Renk’s Record Backlog Meets a Jittery Market as Defence Conferences Offer a Litmus Test
20.06.2026 - 16:15:04 | boerse-global.de
The Renk Group is living a tale of two realities. On one side, its order books are groaning under a record intake of €582 million in the first quarter, pushing the total backlog to nearly €7 billion. On the other, the stock has slumped by more than 13% since the start of the year and sits roughly 17% below its 200-day moving average. The gap between operational firepower and market sentiment has rarely been wider.
A string of investor events in the coming days could determine whether that gap begins to close. Renk’s management is due to appear at the DB Defence Conference in London on Monday, followed by a presentation in Baden-Baden two days later. The focus will be less on strategic ambition and more on execution: how the company plans to convert its mountainous order book into revenue and, crucially, into margin expansion.
The numbers from the first quarter show steady progress. Revenue edged up to around €284 million, while adjusted operating profit rose by a double-digit percentage to €42 million, yielding a margin of 15%. The vehicle driveline segment, a key growth driver, is expected to ramp up deliveries significantly in the second half of the year. For the full year, management has reiterated guidance for revenue above €1.5 billion, with existing contracts already covering more than 90% of that target.
Should investors sell immediately? Or is it worth buying Renk?

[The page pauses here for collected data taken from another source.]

Lemma Re_unitM_ipA_TS_le u x : normc u = 1 -> nA x = 1 ->
  complex.Re (u * iA (T (S x)) x) <= B.
Proof.
move=> u1 x1; pose E := [set complex.Re (u * iA (T (S y)) y) | y in [set y | nA y = 1]].
have E_le_P y : nA y = 1 -> complex.Re (u * iA (T (S y)) y) <= P.
  move=> y1; apply: le_trans (Re_unitM_le _ u1) _.
  apply: le_trans (normc_form_le iAL iAJ iA_ge0 _ _) _.
  by rewrite y1 mulr1 -[P]mulr1 -y1.
have supE : has_sup E.
  by split; [exists (complex.Re (u * iA (T (S x)) x)), x | exists P => _ [y /E_le_P ? <-]].
have Re_le_sup y : complex.Re (u * iA (T (S y)) y) <= sup E * nA y ^+ 2.
  apply: (@le_normA_homogeneous _ _ _ _ hH hA
           (fun y => complex.Re (u * iA (T (S y)) y)) 2) => //.
  - move=> c z c_gt0; rewrite (linear_opZ linS) (linear_opZ linT).
    rewrite (formZl iAL) (formZr iAL iAJ) conjc_real.
    by rewrite mulrCA Re_realM mulrCA Re_realM mulrA -expr2.
  - move=> z z0; apply: le_trans (Re_unitM_le _ u1) _.
    by apply: le_trans (normc_form_le iAL iAJ iA_ge0 _ _) _; rewrite z0 mulr0.
  - by move=> z z1; apply: sup_upper_bound => //; exists z.
have approx eps : 0 < eps ->
    exists2 y, nA y = 1 & sup E - eps < complex.Re (u * iA (T (S y)) y).
  by move=> eps_gt0; have [_ [y y1 <-] y_max] := sup_adherent eps_gt0 supE; exists y.
apply: le_trans (le_B_of_approx_max u1 Re_le_sup approx).
by apply: sup_upper_bound => //; exists x.
Qed.

End TSBound.

Section BAOperators.
Variables (R : realType) (V : lmodType R[i]) (ip : V -> V -> R[i]) (A : V -> V).
Hypothesis hH : is_hilbert ip.
Hypothesis hA : positive_op ip A.
Local Notation normc := (@ComplexField.Normc.normc R).
Local Notation iA := (ipA ip A).
Local Notation nA := (fnorm iA).
Hypothesis unit_ex : exists e, nA e = 1.

Lemma BA_linear X : BA ip A X -> linear_op X.
Proof. by case=> [[]]. Qed.

Lemma BA_normA_le X : BA ip A X -> forall y, nA (X y) <= opnormA ip A X * nA y.
Proof. by move=> hX; apply: normA_le_opnormA (BA_linear hX) (BA_normA_bounded hH hA hX). Qed.

Lemma BA_opnormA_ge0 X : BA ip A X -> 0 <= opnormA ip A X.
Proof. by move=> hX; apply: opnormA_ge0 (BA_normA_bounded hH hA hX) unit_ex. Qed.

Lemma BA_adjoint X : BA ip A X -> exists2 X', linear_op X' &
  (forall x y, iA (X x) y = iA x (X' y)) /\ forall y, nA (X' y) <= opnormA ip A X * nA y.
Proof.
move=> hX; have [_ [X' [[linX' _] adjX]]] := hX; exists X' => //; split => //.
exact: adjoint_normA_le (BA_opnormA_ge0 hX) adjX (BA_normA_le hX).
Qed.

Lemma BA_comp_normA_bounded X Y : BA ip A X -> BA ip A Y ->
  exists c, forall y, nA (X (Y y)) <= c * nA y.
Proof.
move=> hX hY; exists (opnormA ip A X * opnormA ip A Y) => y.
apply: le_trans (BA_normA_le hX _) _.
by rewrite -mulrA ler_wpM2l ?BA_opnormA_ge0 ?BA_normA_le.
Qed.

Optimism among analysts remains intact, at least at the price-target level. Berenberg reaffirmed its buy recommendation and a €72 target last week after attending the Eurosatory defence exhibition in Paris. The bank’s team held constructive talks with Renk’s leadership and came away confident about the company’s positioning as a supplier of critical drive systems in a buoyant global market. Yet the stock closed Friday at just €47.95, up 2.4% on the day — a flicker of light, but hardly a rally.
Political tailwinds are also gathering pace. European Union governments are discussing joint defence financing and regulatory simplification, aiming to boost military readiness by 2030. The NATO summit in Ankara in early July will push further for higher defence spending and expanded industrial capacity. These macro forces should, in theory, benefit Renk, but so far they have not translated into sustained buying pressure.
Technically, the chart remains fragile. The share price continues to trade below key medium-term moving averages. The 50-day line still lies above the current level, and the gap to the 200-day average is almost 17%. On the downside, the year’s low of €42.12 marks the most important support zone. A failure of management to deliver convincing detail on supply chains and margins at this week’s conferences could trigger a retest of that floor.
The next hard catalyst is pencilled in for 6 August, when Renk will release its second-quarter results. Analysts currently forecast full-year earnings of €1.73 per share. If the company can hit that mark, Berenberg’s €72 target — still 50% above the current price — would begin to look less like a distant ambition. But for now, the market is waiting for proof that the record backlog can be turned into visible profit, not just a headline number.